(SUPPLIED DATA Opens)

Lemma ruling_triple be1 be2 t : inI a b t ->
  vdot (vcross (c1 t) (ruling c1 c2 al be1 t)) (ruling c1 c2 (fun s => - al s) be2 t)
  = - 2 * sin (be1 t) * sin (be2 t) * (sin (al t) * cos (al t)).
Proof.
  intros Ht. rewrite !ruling_frame_vec, frame_vec_triple
    by auto using frenet_e_unit, frenet_n_unit, frenet_e_n_orth.
  rewrite sin_neg, cos_neg. ring.
Qed.

Lemma ruled_intersection_small W th : vcont_on a b W -> (forall s, inI a b s -> vbounded 1 (W s)) ->
  0 < th -> exists del, 0 < del /\ forall t t' v v' u, inI a b t -> inI a b t' -> vbounded 1 u ->
  3 * (Rabs v + Rabs v') < del -> vadd (c t) (vscale v u) = vadd (c t') (vscale v' (W t')) ->
  vnorm1 (vadd (vscale (t' - t) (c1 t)) (vadd (vscale v' (W t)) (vscale (- v) u)))
  <= th * (Rabs (t' - t) + Rabs v').
Proof.
  intros HW HW1 Hth.
  destruct (vderiv_on_taylor a b Hab c c1 Hc1 (vderiv_on_vcont_on a b Hab _ _ Hc2) th Hth)
    as [r1 [Hr1 Htaylor]].
  destruct (vcont_on_unif a b W HW th Hth) as [r2 [Hr2 Hunif]].
  destruct (vcont_on_separated a b Hab c (vderiv_on_vcont_on a b Hab _ _ Hc1) Hemb (Rmin r1 r2))
    as [del [Hdel Hsep]]; [apply Rmin_pos; auto|].
  exists del; split; auto. intros t t' v v' u Ht Ht' Hu Hsmall Heq.
  pose proof (Rmin_l r1 r2); pose proof (Rmin_r r1 r2).
  apply (ruled_intersection_linearized c (c1 t) u (W t) (W t') t t' v v' (Rmin r1 r2) del th);
    auto; intros; [apply Htaylor|apply Hunif]; auto; lra.
Qed.

Lemma al_cont_on : cont_on a b al.
Proof. exact (deriv_on_cont_on a b Hab _ _ Hald). Qed.

Let xi := ruling c1 c2 al (dev_beta c1 c2 nd al ald).
Let xi_dual := ruling c1 c2 (fun s => - al s) (dev_beta c1 c2 nd (fun s => - al s) (fun s => - ald s)).

Lemma dev_beta_al_cont_on : cont_on a b (dev_beta c1 c2 nd al ald).
Proof.
  apply dev_beta_cont_on; auto using al_cont_on. intros t Ht; apply sin_cos_neq0, Hal_range, Ht.
Qed.

Lemma dev_beta_dual_cont_on : cont_on a b (dev_beta c1 c2 nd (fun s => - al s) (fun s => - ald s)).
Proof.
  apply dev_beta_cont_on; auto using cont_on_opp, al_cont_on.
  intros t Ht. rewrite sin_neg. pose proof (sin_cos_neq0 _ (Hal_range t Ht)). lra.
Qed.

Lemma xi_vcont_on : vcont_on a b xi.
Proof. apply ruling_vcont_on; auto using al_cont_on, dev_beta_al_cont_on. Qed.

Lemma xi_dual_vcont_on : vcont_on a b xi_dual.
Proof. apply ruling_vcont_on; auto using cont_on_opp, al_cont_on, dev_beta_dual_cont_on. Qed.

Lemma strip_frame_bounds : exists m1 m2, 0 < m1 /\ 0 < m2 /\ forall t, inI a b t ->
  m1 <= vdot (vcross (c1 t) (xi t)) (vcross (c1 t) (xi t)) /\
  m1 <= vdot (vcross (c1 t) (xi_dual t)) (vcross (c1 t) (xi_dual t)) /\
  m2 <= Rabs (vdot (vcross (c1 t) (xi t)) (xi_dual t)).
Proof.
  destruct (cont_on_pos_lower_bound a b Hab (fun t => sin (dev_beta c1 c2 nd al ald t)))
    as [mb [Hmb Kb]]; auto using cont_on_comp, continuity_sin, dev_beta_al_cont_on, sin_dev_beta_pos.
  destruct (cont_on_pos_lower_bound a b Hab
      (fun t => sin (dev_beta c1 c2 nd (fun s => - al s) (fun s => - ald s) t)))
    as [md [Hmd Kd]]; auto using cont_on_comp, continuity_sin, dev_beta_dual_cont_on, sin_dev_beta_pos.
  destruct (cont_on_pos_lower_bound a b Hab (fun t => Rabs (sin (al t) * cos (al t))))
    as [ma [Hma Ka]].
  { apply cont_on_comp; [exact Rcontinuity_abs|].
    apply cont_on_mult; apply cont_on_comp; auto using continuity_sin, continuity_cos, al_cont_on. }
  { intros t Ht. destruct (sin_cos_neq0 _ (Hal_range t Ht)).
    apply Rabs_pos_lt, Rmult_integral_contrapositive; split; lra. }
  exists (Rmin mb md ^ 2), (2 * mb * md * ma).
  split; [apply pow_lt, Rmin_pos; auto|].
  split; [repeat apply Rmult_lt_0_compat; lra|].
  intros t Ht. unfold xi, xi_dual.
  rewrite !ruling_cross_e, ruling_triple by exact Ht.
  pose proof (Kb t Ht); pose proof (Kd t Ht); pose proof (Ka t Ht).
  pose proof (Rmin_l mb md); pose proof (Rmin_r mb md); pose proof (Rmin_pos _ _ Hmb Hmd).
  rewrite !Rabs_mult in *. replace (Rabs (-2)) with 2 by (rewrite Rabs_left; lra).
  rewrite (Rabs_pos_eq (sin (dev_beta _ _ _ al _ t))) by (apply Rlt_le, sin_dev_beta_pos).
  rewrite (Rabs_pos_eq (sin (dev_beta _ _ _ (fun s => - al s) _ t))) by (apply Rlt_le, sin_dev_beta_pos).
  set (sb := sin (dev_beta c1 c2 nd al ald t)) in *.
  set (sd := sin (dev_beta c1 c2 nd (fun s => - al s) (fun s => - ald s) t)) in *.
  assert (mb * md <= sb * sd) by (apply Rmult_le_compat; lra).
  assert (mb * md * ma <= sb * sd * (Rabs (sin (al t)) * Rabs (cos (al t))))
    by (apply Rmult_le_compat; nra).
  repeat split; nra.
Qed.

Lemma xi_bounded s : inI a b s -> vbounded 1 (xi s).
Proof. intros Hs; apply vunit_bounded, ruling_unit, Hs. Qed.

Lemma xi_dual_bounded s : inI a b s -> vbounded 1 (xi_dual s).
Proof. intros Hs; apply vunit_bounded, ruling_unit, Hs. Qed.

Theorem S_set_empty : exists eps0, 0 < eps0 /\ forall eps, 0 < eps < eps0 ->
  forall t v, ~ S_set a b eps c c1 c2 nd al ald t v.
Proof.
  destruct strip_frame_bounds as [m1 [m2 [Hm1 [Hm2 Hbounds]]]].
  destruct (small_threshold m1 m2 Hm1 Hm2) as [th [Hth [Hth2 Hth1]]].
  destruct (ruled_intersection_small xi th xi_vcont_on xi_bounded Hth) as [dx [Hdx Kx]].
  destruct (ruled_intersection_small xi_dual th xi_dual_vcont_on xi_dual_bounded Hth) as [dd [Hdd Kd]].
  exists (Rmin dx dd / 6); split; [pose proof (Rmin_pos _ _ Hdx Hdd); lra|].
  intros eps [Heps0 Heps] t v [[Ht Hv] [t' [v' [[Ht' Hv'] [Hne Heq]]]]].
  assert (Rabs v < eps) by (apply Rabs_def1; lra).
  assert (Rabs v' < eps) by (apply Rabs_def1; lra).
  pose proof (Rmin_l dx dd); pose proof (Rmin_r dx dd).
  pose proof (vunit_bounded _ (frenet_e_unit t Ht)) as He.
  destruct (Hbounds t Ht) as [Bx [Bd Bdet]].
  assert (Cx : Rabs (vdot (c1 t) (xi t)) <= 1)
    by (unfold xi; rewrite ruling_dot_e by exact Ht; apply Rabs_le, COS_bound).
  assert (Cd : Rabs (vdot (c1 t) (xi_dual t)) <= 1)
    by (unfold xi_dual; rewrite ruling_dot_e by exact Ht; apply Rabs_le, COS_bound).
  (* Same signs of [v], [v']: two different rulings meet; opposite signs: a ruling meets itself. *)
  unfold phi_map, psi_map in Heq.
  destruct (Rle_dec 0 v) as [Hv0|Hv0]; destruct (Rle_dec 0 v') as [Hv0'|Hv0'].
  - pose proof (Kd t t' v v' _ Ht Ht' (xi_bounded t Ht) ltac:(lra) Heq) as Hy.
    destruct (small_comb3_zero _ _ _ _ _ _ _ _ He (xi_bounded t Ht) (xi_dual_bounded t Ht) Bdet
      (Rlt_le _ _ Hth) Hth2 Hy) as [Es [Ep Eq]].
    apply Hne. f_equal; lra.
  - apply (small_comb2_same_side _ _ _ _ _ _ _ (xi_bounded t Ht) (frenet_e_unit t Ht) Cx Hm1 Bx
      Hth1 (Rlt_le _ _ Hth) (Kx t t' v v' _ Ht Ht' (xi_bounded t Ht) ltac:(lra) Heq)); lra.
  - apply (small_comb2_same_side _ _ _ _ _ _ _ (xi_dual_bounded t Ht) (frenet_e_unit t Ht) Cd Hm1 Bd
      Hth1 (Rlt_le _ _ Hth) (Kd t t' v v' _ Ht Ht' (xi_dual_bounded t Ht) ltac:(lra) Heq)); lra.
  - pose proof (Kx t t' v v' _ Ht Ht' (xi_dual_bounded t Ht) ltac:(lra) Heq) as Hy.
    rewrite vtriple_swap, Rabs_Ropp in Bdet.
    destruct (small_comb3_zero _ _ _ _ _ _ _ _ He (xi_dual_bounded t Ht) (xi_bounded t Ht) Bdet
      (Rlt_le _ _ Hth) Hth2 Hy) as [Es [Ep Eq]].
    apply Hne. f_equal; lra.
Qed.

End DevelopableStrip.

Theorem lemma1p1
  (a b : R) (c c1 c2 nd : R -> V3) (al ald : R -> R)
  (Hab : a < b)
  (Hc_smooth : vsmooth_on a b c)
  (Hc1 : vderiv_on a b c c1)
  (Hc2 : vderiv_on a b c1 c2)
  (Harc : forall t, inI a b t -> vnorm (c1 t) = 1)
  (Hkappa : forall t, inI a b t -> 0 < curvature c2 t)
  (Hnd : vderiv_on a b (frenet_n c2) nd)
  (Hemb : forall t t', inI a b t -> inI a b t' -> c t = c t' -> t = t')
  (Hal_smooth : smooth_on a b al)
  (Hald : deriv_on a b al ald)
  (Hal_range : forall t, inI a b t -> 0 < Rabs (al t) < PI / 2) :
  exists eps0, 0 < eps0 /\
    forall eps, 0 < eps < eps0 ->
      forall t v, ~ interior_point (S_set a b eps c c1 c2 nd al ald) t v.
Proof.
  pose proof (vsmooth_on_vderiv_on a b Hab c c1 Hc_smooth Hc1) as Hc1_smooth.
  pose proof (vsmooth_on_vderiv_on a b Hab c1 c2 Hc1_smooth Hc2) as Hc2_smooth.
  destruct (vsmooth_on_ex_vderiv a b c2 Hc2_smooth) as [c3 [Hc3 Hc3_smooth]].
  pose proof (smooth_on_cont_on a b Hab ald (smooth_on_deriv_on a b Hab al ald Hal_smooth Hald))
    as Hald_cont.
  destruct (S_set_empty a b c c1 c2 c3 nd al ald Hab Hc1 Hc2 Hc3
    (vsmooth_on_vcont_on a b Hab c3 Hc3_smooth) Harc Hkappa Hnd Hemb Hald Hald_cont Hal_range)
    as [eps0 [Heps0 Hempty]].
  exists eps0; split; [exact Heps0|]. intros eps Heps t v [r [Hr Hball]].
  apply (Hempty eps Heps t v), Hball.
  rewrite !Rminus_diag, pow_i, Rplus_0_r, sqrt_0 by lia. exact Hr.
Qed.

(SUPPLIED DATA Closes)

Reprint exactly the lines above that start at the one with "as [md [Hmd" and end at the one with "cont_on_comp; [exact Rcontinuity_abs|].", keeping both and adding none.

> _SOLUTION TO THIS TASK_:
    as [md [Hmd Kd]]; auto using cont_on_comp, continuity_sin, dev_beta_dual_cont_on, sin_dev_beta_pos.
  destruct (cont_on_pos_lower_bound a b Hab (fun t => Rabs (sin (al t) * cos (al t))))
    as [ma [Hma Ka]].
  { apply cont_on_comp; [exact Rcontinuity_abs|].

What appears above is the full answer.